Оценка заведующего оказалась неожиданно точна и проста и Юрий, немея, признал его правоту.
- И слава Богу, такое с нами ещё случается, - всё посмеивался тот. - До тебя тут один иеромонах отлёживался. Вон, образки Спасителя и Божьей Матери на стенке оставил. Так вот, я его спрашиваю: что ж ты, батя, начальство подводишь своё? Тебя на сельский приход внедряли доброму народ наставлять, а ты горькую запил. А он отвечает: я про себя знаю - человек я горделивый. Потому Господь попустил этому свинству, дабы мне во что худшее не впасть. Теперь я это опытом сознал, молюсь о спасении всех и благодарю за науку. Вот, Юра, и тебя, может, Бог этим обаянием спасает? Может, во благо это, к радости?..
Юрий слушал эти простые слова, и на душе делалось покойно. Он был благодарен Валерию Ивановичу за участие, как бывает благодарен неопытный юноша отзывчивому старшему. И, конечно, не мог и помыслить, что это их последняя беседа. Вскоре по его выписке заведующий скончается в реанимации от обширного инфаркта - этот странный доктор, любивший людей делом, трудившийся не из-за прибылей и отдавший собственную жизнь едва ли не самым беспутным, в надежде спасти хотя бы одного.
И снова Юрий читал свой нелюбимый курс. Но теперь как-то сам собой начал обнаруживаться организующий центр - высшее явление человечеству личного, личностного Бога, который всегда Любовь. Отсюда же начиналась и всякая культура как летящее и мучительное стремление сердца к полноте любви, о чем раньше Юрий не задумывался. Теперь же всё становилось ясно: чем ближе подходит цивилизация к такому пониманию первоисточника, тем больше черт совершенства, трудно выражаемого внешне, обретает и передаёт их от души к душе. Чем далее отодвигается, тем тягостней заблуждается, разрыхляется и гибнет, оставляя по себе набор материальных свидетельств, которые каждый волен толковать и приспосабливать на свой вкус и нрав, вроде одичалого аборигена, втыкающего в ухо пластиковую зубочистку и считающего это красивым.
Юрий набирал от лекции к лекции в свободе выражения, убеждённости и широте порой внезапных сравнений. Студенты не много, что понимали, но их забирало чувство, обращённое лично к каждому, и у кого-то зарождался интерес самому двинуться в приоткрывшемся направлении. И это было главным и не было скучным.
Ну, а самого Юрия вдохновляло всё то самое воспоминание.

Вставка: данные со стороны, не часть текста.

Lemma straddle_sum_norm_le f m B : 0 <= B ->
  (forall (k : 'I_d) (i : 'I_k.+1), `|f (m - 1 - i%:Z) k.+1%:Z| <= `|a k.+1%:Z| * B) ->
  `|straddle_sum f m| <= (coef_norm1 * B) *+ d.
Proof.
move=> B_ge0 f_le; rewrite /straddle_sum /coef_norm1 mulr_suml -sumrMnl.
apply: le_trans (ler_norm_sum _ _ _) _; apply: ler_sum => k _.
apply: le_trans (ler_norm_sum _ _ _) _; apply: le_trans (ler_sum _ (fun i _ => f_le k i)) _.
by rewrite sumr_const card_ord; apply: ler_wpMn2l; rewrite ?mulr_ge0.
Qed.

Lemma wronskian_norm_le u v m :
  `|wronskian u v m| <= (coef_norm1 * (window_energy u m + window_energy v m)) *+ (d + d).
Proof.
have energy_ge0 : 0 <= window_energy u m + window_energy v m.
  by rewrite addr_ge0 ?window_energy_ge0.
have in_window (k : 'I_d) (i : 'I_k.+1) w w' :
    `|w (m - 1 - i%:Z)| * `|w' (m - 1 - i%:Z + k.+1%:Z)| <=
    window_energy w m + window_energy w' m.
  apply: le_trans (normM_le_sqr _ _) _.
  by apply: lerD; apply: sqr_norm_le_window_energy; have := ltn_ord k; have := ltn_ord i; lia.
rewrite /wronskian mulrnDr; apply: le_trans (ler_normB _ _) _.
apply: lerD; apply: straddle_sum_norm_le => // k i; rewrite /coupling.
- by rewrite !normrM norm_conjC mulrAC mulrC ler_wpM2l ?in_window.
- by rewrite norm_conjC !normrM norm_conjC mulrAC mulrC ler_wpM2l // [window_energy u m + _]addrC in_window.
Qed.

Lemma window_energy_progression_le w M : sqr_window_bound w M ->
  forall s K, \sum_(j < K) window_energy w (s + ((d + d) * j)%:Z) <= M.
Proof.
move=> w_le s K.
suff -> : \sum_(j < K) window_energy w (s + ((d + d) * j)%:Z) =
          \sum_(n < (d + d) * K) `|w (s - d%:Z + n%:Z)| ^+ 2 by apply: w_le.
elim: K => [|K IHK]; first by rewrite big_ord0 muln0 big_ord0.
rewrite big_ord_recr /= IHK mulnSr big_split_ord /=; congr (_ + _).
by apply: eq_bigr => j _; rewrite PoszD; congr (`|w _| ^+ 2); ring.
Qed.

Он уже не травил себя домыслами о никчёмности, не измерял жизнь собственным узким "я", то есть той его половиной, что мешала зацветать другой, противоположной. Он действительно поверил, что влюблён по-настоящему и, желая быть достойным этого, широко принимал мир. И ещё, он часто ездил в тот переулок и бродил с надеждой повстречать её. Но так пока и не встретил. Правда, однажды померещилось, он догнал, но обознался. И странно: эта ошибка сделала образ её еще желанней, ближе. Теперь он точно знал, что сможет обрадовать, и это желание стало такой же потребностью, как солнечное утро, как чтение полюбившихся с юности книг.

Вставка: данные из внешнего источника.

Lemma fourier_count_closed m : (0 < m)%N ->
  fourier_count b z m.-1 1 = b%:R^-1 * \sum_(i < b./2) (eigval z i ^+ 2) ^+ ((m + 1) %/ 2).
Proof.
move=> m_gt0; rewrite /fourier_count.
have term i :
    eigval z i ^+ m.-1 * (1 + eigval z i) * eigvec z i 1 = eigval z i ^+ m + eigval z i ^+ m.+1.
  by rewrite /eigvec expr1z exprN1 -/(eigval z i) -(prednK m_gt0) !exprS; ring.
under eq_bigr => i _ do rewrite term.
rewrite (_ : (2 * b = b + b)%N) ?big_split_ord /=; last by lia.
under [X in _ + X]eq_bigr => i _ do rewrite eigval_shift.
rewrite -big_split /=; under eq_bigr => i _ do rewrite exprS_add_oppr_parity.
rewrite sumrMnl (sum_symmetric_half (F := fun i => (eigval z i ^+ 2) ^+ ((m + 1) %/ 2))).
- rewrite -mulrnA -mulr_natl natrM; field; rewrite pnatr_eq0; lia.
- by move=> i i_lt /=; rewrite eigval_rev // sqrrN.
- by move=> b_odd /=; rewrite eigval_mid // expr0n /= expr0n gtn_eqF //; lia.
Qed.

Lemma wroot_sqr_expb i : (wroot z i ^+ 2) ^+ b = -1.
Proof. by rewrite -!exprM mulnC exprM z_exp2b -signr_odd addn1 /= oddM. Qed.

Lemma wroot_sqr_add1_neq0 i : (i < b./2)%N -> 1 + wroot z i ^+ 2 != 0.
Proof.
move=> i_lt; rewrite addrC addr_eq0; apply/eqP => w2.
have /eqP : (wroot z i ^+ 2) ^+ 2 = 1 by rewrite w2 sqrrN expr1n.
by rewrite -!exprM -(prim_order_dvd z_prim) => /dvdn_leq; lia.
Qed.

Lemma eigval_sqr_inj i j : (i < b./2)%N -> (j < b./2)%N ->
  eigval z i ^+ 2 = eigval z j ^+ 2 -> i = j.
Proof.
move=> i_lt j_lt; have wi := wroot_neq0 i; have wj := wroot_neq0 j.
have sqrE (w : R) : w != 0 -> (w + w^-1) ^+ 2 = w ^+ 2 + (w ^+ 2)^-1 + 2.
  by move=> w0; field.
have inv_sum (a c : R) : a != 0 -> c != 0 -> a + a^-1 = c + c^-1 -> (a - c) * (a * c - 1) = 0.
  move=> a0 c0 ac; transitivity (a * c * ((a + a^-1) - (c + c^-1))).
    by field; rewrite a0 c0.
  by rewrite ac subrr mulr0.
rewrite /eigval !sqrE // => /addIr /(inv_sum _ _ (expf_neq0 2 wi) (expf_neq0 2 wj)) /eqP.
rewrite mulf_eq0 !subr_eq0 /wroot -!exprM => /orP[|].
  by rewrite (eq_prim_root_expr z_prim) !modn_small; lia.
by rewrite -exprD -(prim_order_dvd z_prim) => /dvdn_leq; lia.
Qed.

Lemma root_inv_eigval_sqr (p : {poly R}) i : (i < b./2)%N ->
  (forall A B : R, A + B = 1 -> p.[A * B] = A ^+ b + B ^+ b) ->
  root p (eigval z i ^+ 2)^-1.
Proof.
move=> i_lt p_vieta; have w0 := wroot_neq0 i; have w2 := wroot_sqr_add1_neq0 i_lt.
have := wroot_sqr_expb i; rewrite /root /eigval; move: (wroot z i) w0 w2 => w w0 w2 w2b.
set A := w ^+ 2 / (1 + w ^+ 2); set B := 1 / (1 + w ^+ 2).
have AB1 : A + B = 1 by rewrite /A /B; field; rewrite w2.
have -> : ((w + w^-1) ^+ 2)^-1 = A * B by rewrite /A /B; field; rewrite ?w0 ?w2.
by rewrite p_vieta // /A /B !expr_div_n w2b expr1n -mulrDl addNr mul0r.
Qed.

И была весна в самом нежном возрасте: юго-западный ветер влажен; почки едва распускаются. А тополя отряхают на непросохший асфальт ещё зелёные, чуть тронутые бордовым, серёжки.

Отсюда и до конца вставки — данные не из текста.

Lemma cvgn_dominated_increments (R : realType) (x s : R ^nat) M :
  nondecreasing_seq s -> (forall N, s N <= M) ->
  (forall N N', (N <= N')%N -> `|x N' - x N| <= s N' - s N) -> cvgn x.
Proof.
move=> s_nd s_le_M dx; pose xs N := x N + s N.
have xs_nd : nondecreasing_seq xs.
  by move=> N N' /dx; rewrite ler_norml /xs => /andP [+ _]; lra.
have xs_ub : has_ubound (range xs).
  exists (x 0%N - s 0%N + M + M) => _ [N _ <-]; rewrite /xs.
  have := dx 0%N N (leq0n N); rewrite ler_norml => /andP [_].
  by have := s_le_M N; have := s_nd 0%N N (leq0n N); lra.
have -> : x = xs - s by apply: funext => N; rewrite /xs /= addrK.
apply: is_cvgB; first exact: nondecreasing_is_cvgn.
by apply: nondecreasing_is_cvgn => //; exists M => _ [N _ <-].
Qed.

Section PartialSums.
Variables (R : realType) (r : nat) (a : ('I_r -> nat) -> R[i]) (rho : R).
Implicit Types (z : 'I_r -> R[i]) (N : nat).

Lemma cabs_Fterm z m :
  cabs (Fcoef rho a m * mono z m) = cabs (Fcoef rho a m) * \prod_i cabs (z i) ^+ m i.
Proof. by rewrite cabsM cabs_prod; under eq_bigr do rewrite cabsX. Qed.

Lemma cabs_Fpartial_le z N : cabs (Fpartial rho a z N) <= Fabspartial rho a z N.
Proof. by apply: le_trans (ler_cabs_sum _ _ _) _; under eq_bigr do rewrite cabs_Fterm. Qed.

Lemma cabs_Fpartial_increment_le z N N' : (N <= N')%N ->
  cabs (Fpartial rho a z N' - Fpartial rho a z N) <=
  Fabspartial rho a z N' - Fabspartial rho a z N.
Proof.
move=> N_le; rewrite /Fpartial /Fabspartial.
rewrite (sum_box_increment (fun m => Fcoef rho a m * mono z m) N_le).
rewrite (sum_box_increment
  (fun m => cabs (Fcoef rho a m) * \prod_i cabs (z i) ^+ m i) N_le).
by apply: le_trans (ler_cabs_sum _ _ _) _; under eq_bigr do rewrite cabs_Fterm.
Qed.

Lemma Fabspartial_nondecreasing z : nondecreasing_seq (Fabspartial rho a z).
Proof.
move=> N N' N_le; rewrite -subr_ge0.
exact: le_trans (cabs_ge0 _) (cabs_Fpartial_increment_le z N_le).
Qed.

Lemma cvgn_Fpartial_part (f : R[i] -> R) z :
  {morph f : x y / x - y} -> (forall x, `|f x| <= cabs x) ->
  F_abs_conv rho a z -> cvgn (fun N => f (Fpartial rho a z N)).
Proof.
move=> fB f_le [M FM]; apply: (cvgn_dominated_increments _ FM).
  exact: Fabspartial_nondecreasing.
move=> N N' N_le; rewrite -fB; apply: le_trans (f_le _) _.
exact: cabs_Fpartial_increment_le.
Qed.

Lemma cvg_cabs_Fpartial z : F_abs_conv rho a z ->
  (cabs (Fpartial rho a z N) @[N --> \oo] --> cabs (Fval rho a z))%classic.
Proof.
move=> Fz; have ReB : {morph @complex.Re R : x y / x - y} by move=> [? ?] [? ?].
have ImB : {morph @complex.Im R : x y / x - y} by move=> [? ?] [? ?].
have cvg_Re := cvgn_Fpartial_part ReB (@ler_norm_Re_cabs R) Fz.
have cvg_Im := cvgn_Fpartial_part ImB (@ler_norm_Im_cabs R) Fz.
apply: (continuous_cvg _ (@sqrt_continuous R _)).
by rewrite !expr2; apply: cvgD; apply: cvgM.
Qed.

Lemma cabs_Fval_le z M : (forall N, Fabspartial rho a z N <= M) -> cabs (Fval rho a z) <= M.
Proof.
move=> FM; apply: (ler_cvg_to (cvg_cabs_Fpartial (ex_intro _ M FM)) (cvg_cst M)).
by apply: nearW => N; apply: le_trans (cabs_Fpartial_le _ _) (FM N).
Qed.

End PartialSums.

Lemma prodr_nat_bool (R : comPzSemiRingType) (I : finType) (P : pred I) :
  \prod_i ((P i)%:R : R) = [forall i, P i]%:R.
Proof.
case: (boolP [forall i, P i]) => [/forallP allP | /forallPn [i Pi]].
  by rewrite big1 // => i _; rewrite allP.
by rewrite (bigD1 i) //= (negbTE Pi) mul0r.
Qed.

Lemma sum_expr_prim_root (F : idomainType) (w : F) K d : K.-primitive_root w ->
  \sum_(t < K) (w ^+ d) ^+ t = K%:R * (K %| d)%:R.
Proof.
move=> w_prim; case: (boolP (K %| d)%N) => [dvd_Kd | Ndvd_Kd].
  have -> : w ^+ d = 1 by apply/eqP; rewrite -(prim_order_dvd w_prim).
  by under eq_bigr do rewrite expr1n; rewrite sumr_const card_ord mulr1.
have wd_neq1 : w ^+ d != 1 by rewrite -(prim_order_dvd w_prim).
have wdK : (w ^+ d) ^+ K = 1 by rewrite -exprM mulnC exprM (prim_expr_order w_prim) expr1n.
have : (w ^+ d - 1) * \sum_(t < K) (w ^+ d) ^+ t = 0 by rewrite -subrX1 wdK subrr.
by move/eqP; rewrite mulf_eq0 subr_eq0 (negbTE wd_neq1) mulr0 => /eqP.
Qed.

(* For [m i < K], [aliases K m m'] says that [m' = m] modulo [K] coordinatewise. *)
Definition aliases r K (m m' : 'I_r -> nat) := [forall i, K %| m' i + (K - m i)]%N.

Lemma aliases_ge r K (m m' : 'I_r -> nat) i :
  (m i < K)%N -> aliases K m m' -> m' i != m i -> (K <= m' i)%N.
Proof.
move=> m_lt /forallP /(_ i) /dvdnP [c mc] /eqP m_neq.
by case: c mc => [|[|c]] mc; rewrite ?mulSn in mc; lia.
Qed.

Lemma leq_idxsum r (m : 'I_r -> nat) i : (m i <= idxsum m)%N.
Proof. by rewrite /idxsum (bigD1 i) //= leq_addr. Qed.

Section RootsOfUnityAverage.
Variables (R : realType) (r : nat) (a : ('I_r -> nat) -> R[i]) (rho : R).

Lemma Fpartial_root_average (m : 'I_r -> nat) K (w : R[i]) (c : R) N :
  K.-primitive_root w ->
  \sum_(j : {ffun 'I_r -> 'I_K})
     Fpartial rho a (fun i => w ^+ j i * c%:C) N * \prod_i w ^+ (j i * (K - m i)) =
  K%:R ^+ r * \sum_(m' : {ffun 'I_r -> 'I_N.+1})
     Fcoef rho a (natf m') * (c ^+ idxsum (natf m'))%:C * (aliases K m (natf m'))%:R.
Proof.
move=> w_prim; rewrite /Fpartial; under eq_bigr do rewrite mulr_suml.
rewrite exchange_big mulr_sumr /=; apply: eq_bigr => m' _.
have regroup (t e f : nat) :
    (w ^+ t * c%:C) ^+ e * w ^+ (t * f) = c%:C ^+ e * (w ^+ (e + f)) ^+ t.
  by rewrite exprMn -!exprM mulrAC -exprD mulrC -mulnDr mulnC.
under eq_bigr do rewrite -mulrA /mono -big_split /=.
under eq_bigr do under eq_bigr do rewrite regroup.
under eq_bigr do rewrite big_split /=.
rewrite -mulr_sumr -mulr_sumr.
rewrite -(bigA_distr_bigA (fun i (t : 'I_K) => (w ^+ (m' i + (K - m i))) ^+ t)) /=.
have -> : \prod_i \sum_(t < K) (w ^+ (m' i + (K - m i))) ^+ t =
          \prod_i (K%:R * (K %| m' i + (K - m i))%:R).
  by apply: eq_bigr => i _; exact: sum_expr_prim_root.
rewrite big_split /= prodr_const card_ord prodr_nat_bool prodrXr rmorphXn /=.
by rewrite /idxsum /aliases; ring.
Qed.

End RootsOfUnityAverage.

Lemma cabs_prim_root (R : realType) K (w : R[i]) :
  (0 < K)%N -> K.-primitive_root w -> cabs w = 1.
Proof.
move=> K_gt0 w_prim; apply: complexI; rewrite cabsE; apply/eqP.
by rewrite -(pexpr_eq1 K_gt0) // -normrX (prim_expr_order w_prim) normr1.
Qed.

Section CauchyEstimate.
Variables (R : realType) (r : nat) (a : ('I_r -> nat) -> R[i]) (rho eps : R).
Hypotheses (rho_gt0 : 0 < rho) (eps_gt0 : 0 < eps).
Hypothesis abs_conv : forall z : 'I_r -> R[i],
  (forall i, cabs (z i) <= rho^-1 + eps) -> F_abs_conv rho a z.
Local Notation q := (rho^-1 / (rho^-1 + eps)).

Let inv_rho_ge0 : 0 <= rho^-1. Proof. by rewrite invr_ge0 ltW. Qed.
Let radius_gt0 : 0 < rho^-1 + eps. Proof. by rewrite addr_gt0 ?invr_gt0. Qed.

Lemma Fabspartial_torus (eta : 'I_r -> R[i]) (c : R[i]) N : (forall i, cabs (eta i) = 1) ->
  Fabspartial rho a (fun i => eta i * c) N = Fabspartial rho a (fun=> c) N.
Proof.
move=> eta1; apply: eq_bigr => m _; congr (_ * _); apply: eq_bigr => i _.
by rewrite cabsM eta1 mul1r.
Qed.

Lemma cabs_Fval_le_Fnorm (eta : 'I_r -> R[i]) : (forall i, cabs (eta i) = 1) ->
  cabs (Fval rho a (fun i => eta i * (rho^-1)%:C)) <= Fnorm rho a.
Proof.
have inv_rho_le : cabs (rho^-1)%:C <= rho^-1 + eps.
  by rewrite cabs_real ger0_norm // lerDl ltW.
have [M FM] := abs_conv (fun=> inv_rho_le).
have torus_le eta' : (forall i, cabs (eta' i) = 1) ->
    cabs (Fval rho a (fun i => eta' i * (rho^-1)%:C)) <= M.
  by move=> eta'1; apply: cabs_Fval_le => N; rewrite Fabspartial_torus.
move=> eta1; apply: ub_le_sup; last by exists eta.
by exists M => _ [eta' [eta'1 ->]]; exact: torus_le.
Qed.

Lemma q_ge0 : 0 <= q.
Proof. by rewrite divr_ge0 // ltW. Qed.

Lemma q_lt1 : q < 1.
Proof. by rewrite ltr_pdivrMr // mul1r ltrDl. Qed.

Lemma alias_tail_le M K N (m0 : {ffun 'I_r -> 'I_N.+1}) :
    (forall N, Fabspartial rho a (fun=> (rho^-1 + eps)%:C) N <= M) ->
    (forall i, m0 i < K)%N ->
  cabs (\sum_(m' | m' != m0) Fcoef rho a (natf m') * ((rho^-1) ^+ idxsum (natf m'))%:C *
                             (aliases K (natf m0) (natf m'))%:R) <= M * q ^+ K.
Proof.
move=> FM m0_lt; have qK_ge0 := exprn_ge0 K q_ge0.
have term_ge0 (m' : {ffun 'I_r -> 'I_N.+1}) :
  0 <= cabs (Fcoef rho a (natf m')) * (rho^-1 + eps) ^+ idxsum (natf m').
  by rewrite mulr_ge0 ?cabs_ge0 // exprn_ge0 // ltW.
apply: le_trans (ler_cabs_sum _ _ _) _.
apply: le_trans (_ : \sum_(m' | m' != m0) q ^+ K *
    (cabs (Fcoef rho a (natf m')) * (rho^-1 + eps) ^+ idxsum (natf m')) <= _); last first.
  rewrite -mulr_sumr mulrC ler_wpM2r //; apply: le_trans (FM N).
  have -> : Fabspartial rho a (fun=> (rho^-1 + eps)%:C) N =
      \sum_(m' : {ffun 'I_r -> 'I_N.+1})
        cabs (Fcoef rho a (natf m')) * (rho^-1 + eps) ^+ idxsum (natf m').
    by apply: eq_bigr => m' _; rewrite cabs_real ger0_norm ?prodrXr // ltW.
  by rewrite [leRHS](bigID (fun m' => m' != m0)) /= lerDl sumr_ge0.
apply: ler_sum => m' m'_neq; rewrite !cabsM cabs_nat cabs_real ger0_norm ?exprn_ge0 //.
case: (boolP (aliases K (natf m0) (natf m'))) => /= [al | _]; last first.
  by rewrite mulr0 mulr_ge0.
have [i m'i_neq] : exists i, m' i != m0 i :> nat.
  apply/existsP; apply: contraR m'_neq => /existsPn eq_m0.
  by apply/eqP/ffunP => i; apply/val_inj/eqP; rewrite -[_ == _]negbK eq_m0.
have K_le : (K <= idxsum (natf m'))%N.
  rewrite /idxsum (bigD1 i) //=; apply: leq_trans (leq_addr _ _).
  exact: (@aliases_ge r K (natf m0) (natf m') i (m0_lt i) al m'i_neq).
have -> : rho^-1 ^+ idxsum (natf m') =
          q ^+ idxsum (natf m') * (rho^-1 + eps) ^+ idxsum (natf m').
  by rewrite -exprMn divfK // gt_eqF.
by rewrite mulr1 mulrCA ler_wpM2r // ler_wiXn2l ?q_ge0 ?(ltW q_lt1).
Qed.

Lemma Fcoef_scaled_le_partial M K N (w : R[i]) (m : 'I_r -> nat) :
    (forall N, Fabspartial rho a (fun=> (rho^-1 + eps)%:C) N <= M) ->
    K.-primitive_root w -> (forall i, m i < K)%N -> (forall i, m i <= N)%N ->
  cabs (Fcoef rho a m) * rho^-1 ^+ idxsum m <=
  (K%:R ^+ r)^-1 * \sum_(j : {ffun 'I_r -> 'I_K})
                     cabs (Fpartial rho a (fun i => w ^+ j i * (rho^-1)%:C) N) + M * q ^+ K.
Proof.
move=> FM w_prim m_lt m_le.
have K_gt0 := prim_order_gt0 w_prim.
pose m0 : {ffun 'I_r -> 'I_N.+1} := [ffun i => inord (m i)].
have m0_lt i : (m0 i < K)%N by rewrite ffunE inordE m_le.
have m0E : natf m0 = m by apply: funext => i; rewrite ffunE inordE m_le.
pose A := \sum_(m' : {ffun 'I_r -> 'I_N.+1})
  Fcoef rho a (natf m') * ((rho^-1) ^+ idxsum (natf m'))%:C * (aliases K m (natf m'))%:R.
have A_le : cabs A <= (K%:R ^+ r)^-1 * \sum_(j : {ffun 'I_r -> 'I_K})
                     cabs (Fpartial rho a (fun i => w ^+ j i * (rho^-1)%:C) N).
  rewrite ler_pdivlMl ?exprn_gt0 ?ltr0n //.
  rewrite -natrX -cabs_nat natrX -cabsM -(Fpartial_root_average a rho m (rho^-1) N w_prim).
  apply: le_trans (ler_cabs_sum _ _ _) (ler_sum _ _) => j _.
  rewrite cabsM cabs_prod big1 ?mulr1 // => i _.
  by rewrite cabsX (cabs_prim_root K_gt0 w_prim) expr1n.
have aliases_mm : aliases K m m by apply/forallP => i; rewrite subnKC ?dvdnn // ltnW.
have A_split : A = Fcoef rho a m * ((rho^-1) ^+ idxsum m)%:C +
    \sum_(m' | m' != m0) Fcoef rho a (natf m') * ((rho^-1) ^+ idxsum (natf m'))%:C *
                         (aliases K (natf m0) (natf m'))%:R.
  by rewrite /A (bigD1 m0) //= m0E aliases_mm mulr1.
rewrite -[rho^-1 ^+ _]ger0_norm ?exprn_ge0 // -cabs_real -cabsM.
set bm := Fcoef rho a m * _; have -> : bm = A - (A - bm) by rewrite opprB addrC subrK.
apply: le_trans (ler_cabsD _ _) _; rewrite cabsN; apply: lerD => //.
by rewrite {1}A_split addrC addKr; exact: alias_tail_le.
Qed.

Lemma Fcoef_scaled_le M K (m : 'I_r -> nat) :
    (forall N, Fabspartial rho a (fun=> (rho^-1 + eps)%:C) N <= M) ->
    (0 < K)%N -> (forall i, m i < K)%N ->
  cabs (Fcoef rho a m) * rho^-1 ^+ idxsum m <= Fnorm rho a + M * q ^+ K.
Proof.
move=> FM K_gt0 m_lt; have [w w_prim] := @closed_prim_root_exists R[i] K K_gt0.
have root_torus (j : {ffun 'I_r -> 'I_K}) i : cabs (w ^+ j i) = 1.
  by rewrite cabsX (cabs_prim_root K_gt0 w_prim) expr1n.
pose KR := (K%:R : R) ^+ r; have KR_gt0 : 0 < KR by rewrite exprn_gt0 ?ltr0n.
pose z (j : {ffun 'I_r -> 'I_K}) i := w ^+ j i * (rho^-1)%:C.
have Fz_cvg : (KR^-1 * \sum_j cabs (Fpartial rho a (z j) N) + M * q ^+ K @[N --> \oo] -->
               KR^-1 * \sum_j cabs (Fval rho a (z j)) + M * q ^+ K)%classic.
  apply: cvgD (cvg_cst _); apply: cvgM (cvg_cst _) _; apply: cvg_big => // [|j _].
    exact: add_continuous.
  apply: cvg_cabs_Fpartial; apply: abs_conv => i.
  by rewrite cabsM root_torus mul1r cabs_real ger0_norm // lerDl ltW.
apply: le_trans (ler_cvg_to (cvg_cst _) Fz_cvg _) _.
  apply: filterS (nbhs_infty_ge (idxsum m)) => N m_le.
  exact: Fcoef_scaled_le_partial w_prim m_lt (fun i => leq_trans (leq_idxsum m i) m_le).
rewrite lerD2r ler_pdivrMl //.
apply: le_trans (ler_sum _ (fun j _ => cabs_Fval_le_Fnorm (root_torus j))) _.
by rewrite sumr_const card_ffun !card_ord -mulr_natr natrX mulrC.
Qed.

Он проходил своим чистым переулком и опять вокруг - никого. Но вдруг из серого особняка, что во глубине двора, заслышались звуки: обрывки гамм, скрипичных этюдов, не выраставших покуда в мелодию, - никогда прежде не слыхал он здесь подобного. И Юрий двинулся к музыкальной школе - это впервые к весне приоткрыли окна, и на волю пошёл звук.
Он опустился на лавку перед парадным. Странная дрожь начала бить его, будто сердце колотится о ребра и он задыхается... И возникло наитие: именно здесь она должна учить. И теперь за каждым окном, за каждым звуком ему угадывается она.